Your task is to filter the entries and copy every line containing the string "split".

*-*-*

Lemma cycsum_eq0 (D : nat) (x : R) : (0 < D)%nat ->
  cycsum D x = C0 <-> exists z : Z, x = IZR z /\ ~ (Z.of_nat D | z)%Z.
Proof.
move=> D_gt0; have D_pos := INR_pos D_gt0; have PI_pos := PI_RGT_0.
have geom := cycsum_geometric x D_gt0.
split=> [sum0 | [z [xz z_ndvd]]].
  have /Cexpi_eq1 [z xz] : Cexpi (2 * PI * x) = C1.
    by apply/Cone_minus_eq0; rewrite -geom sum0 Cmul0r.
  have {}xz : x = IZR z by nra.
  exists z; split=> // -[q zq]; move: sum0.
  rewrite (cycsum_full (t := q) D_gt0) ?xz ?zq ?mult_IZR -?INR_IZR_INZ //.
  by move/(congr1 Re) => /=; lra.
have t_not_int : Cexpi (2 * PI * x / INR D) <> C1.
  case/Cexpi_eq1 => k xk; apply: z_ndvd; exists k; apply: eq_IZR.
  rewrite mult_IZR -INR_IZR_INZ -xz.
  have -> : x = (2 * PI * x / INR D) * INR D / (2 * PI) by field; lra.
  by rewrite xk; field; lra.
have : Cmul (Cone_minus (Cexpi (2 * PI * x / INR D))) (cycsum D x) = C0.
  by rewrite geom xz Cexpi_2PI_int; apply/Cone_minus_eq0.
by case/Cmul_eq0 => // /Cone_minus_eq0.
Qed.

Lemma eqn_mod_divZ (D a b : nat) : (0 < D)%nat ->
  (a %% D = b %% D)%nat <-> (Z.of_nat D | Z.of_nat a - Z.of_nat b)%Z.
Proof.
move=> D_gt0; have := divn_eq a D; have := divn_eq b D.
have := ltn_pmod a D_gt0; have := ltn_pmod b D_gt0.
move: (a %/ D)%nat (b %/ D)%nat (a %% D)%nat (b %% D)%nat => qa qb ra rb ra_lt rb_lt -> ->.
split=> [-> | [t ht]]; first by exists (Z.of_nat qa - Z.of_nat qb)%Z; lia.
have : (t = Z.of_nat qa - Z.of_nat qb)%Z by nia.
lia.
Qed.

Section CharacterSums.
Variables (p : nat) (D : 'I_p -> nat).
Hypothesis HD : forall j, (0 < D j)%nat.

Lemma charsum_prod (x : 'I_p -> R) :
  charsum D x = \big[Cmul/C1]_j cycsum (D j) (x j).
Proof.
rewrite -(Csum_dprod HD (fun j s => Cexpi (2 * PI * INR s * x j / INR (D j)))).
by apply: Csum_ext => r; rewrite /chiN Cexpi_Rsum.
Qed.

Lemma charsum_full (x : 'I_p -> R) :
  (forall j, exists t : Z, x j = IZR t * INR (D j)) ->
  charsum D x = mkC (INR #|Zprod D|) 0.
Proof.
move=> x_lattice; rewrite charsum_prod card_Zprod.
rewrite (eq_bigr (fun j => mkC (INR (D j)) 0)) => [|j _]; last first.
  by have [t xt] := x_lattice j; exact: cycsum_full xt.
rewrite (big_morph (fun k => mkC (INR k) 0) (id1 := C1) (op1 := Cmul)
  (id2 := 1%nat) (op2 := muln)) //.
by move=> a b; rewrite -multE mult_INR; apply: Cext => /=; ring.
Qed.

Lemma charsum_eq0 (x : 'I_p -> R) : charsum D x = C0 <-> in_Nstar D x.
Proof.
rewrite charsum_prod; split=> [prod0 | [j [z [xz z_ndvd]]]].
  apply: NNPP => notNstar.
  have : \big[Cmul/C1]_j cycsum (D j) (x j) <> C0; last by [].
  apply: (big_ind (fun w => w <> C0)).
  - by move/(congr1 Re) => /=; lra.
  - by move=> a b a0 b0 /Cmul_eq0 [].
  - by move=> j _ /(cycsum_eq0 _ (HD j)) [z xz]; apply: notNstar; exists j, z.
rewrite (bigD1 j) //= (proj2 (cycsum_eq0 _ (HD j))) ?Cmul0l //.
by exists z.
Qed.

Lemma charsum_diff (a b : 'I_p -> nat) :
  charsum D (fun j => INR (a j) - INR (b j)) =
  if [forall j, a j %% D j == b j %% D j] then mkC (INR #|Zprod D|) 0 else C0.
Proof.
have diffZ j : INR (a j) - INR (b j) = IZR (Z.of_nat (a j) - Z.of_nat (b j)).
  by rewrite minus_IZR -!INR_IZR_INZ.
case: ifP => [/forallP cong | /negbT /forallPn [j ncong]].
  apply: charsum_full => j; have [t ht] := (eqn_mod_divZ _ _ (HD j)).1 (eqP (cong j)).
  by exists t; rewrite diffZ ht mult_IZR -INR_IZR_INZ.
apply/charsum_eq0; exists j, (Z.of_nat (a j) - Z.of_nat (b j))%Z; split; first exact: diffZ.
by move/(eqn_mod_divZ _ _ (HD j))/eqP; apply/negP.
Qed.

End CharacterSums.

Section MutuallyUnbiased.
Variables (m m' : nat) (d : 'I_m -> nat) (d' : 'I_m' -> nat) (n : nat).
Hypothesis Hd : forall j, (0 < d j)%nat.
Hypothesis Hd' : forall j, (0 < d' j)%nat.
Hypothesis HG : #|Zprod d| = n.
Hypothesis HN : #|Zprod d'| = n.
Variable f : Zprod d -> 'I_m' -> R.

Local Notation G := (Zprod d).
Local Notation N := (Zprod d').

Lemma n_pos : 0 < INR n.
Proof. by rewrite -HG; apply: INR_pos; apply/card_gt0P; exists [ffun j => Ordinal (Hd j)]. Qed.

Definition cross (r r' : N) (k k' : G) : Cplx := col_inner (Mr n f r) (Mr n f r') k k'.

Definition expo (r r' : N) (k k' : G) (l : G) : R :=
  (phase k' (rvec l) + phase r' (f l)) - (phase k (rvec l) + phase r (f l)).

Lemma cross_expsum (r r' : N) (k k' : G) :
  cross r r' k k' = Cscale (/ INR n) (Csum (fun l => Cexpi (expo r r' k k' l))).
Proof.
rewrite /cross /col_inner Csum_scale -(inv_sqrt_sq n_pos); apply: Csum_ext => l.
rewrite /Mr /expo !chiG_phase !chiN_phase Cexpi_sub !Cexpi_add.
by apply: Cext => /=; ring.
Qed.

*-*-*

▸ TASK ANSWER:
split=> [sum0 | [z [xz z_ndvd]]].
  exists z; split=> // -[q zq]; move: sum0.
split=> [-> | [t ht]]; first by exists (Z.of_nat qa - Z.of_nat qb)%Z; lia.
rewrite charsum_prod; split=> [prod0 | [j [z [xz z_ndvd]]]].
apply/charsum_eq0; exists j, (Z.of_nat (a j) - Z.of_nat (b j))%Z; split; first exact: diffZ.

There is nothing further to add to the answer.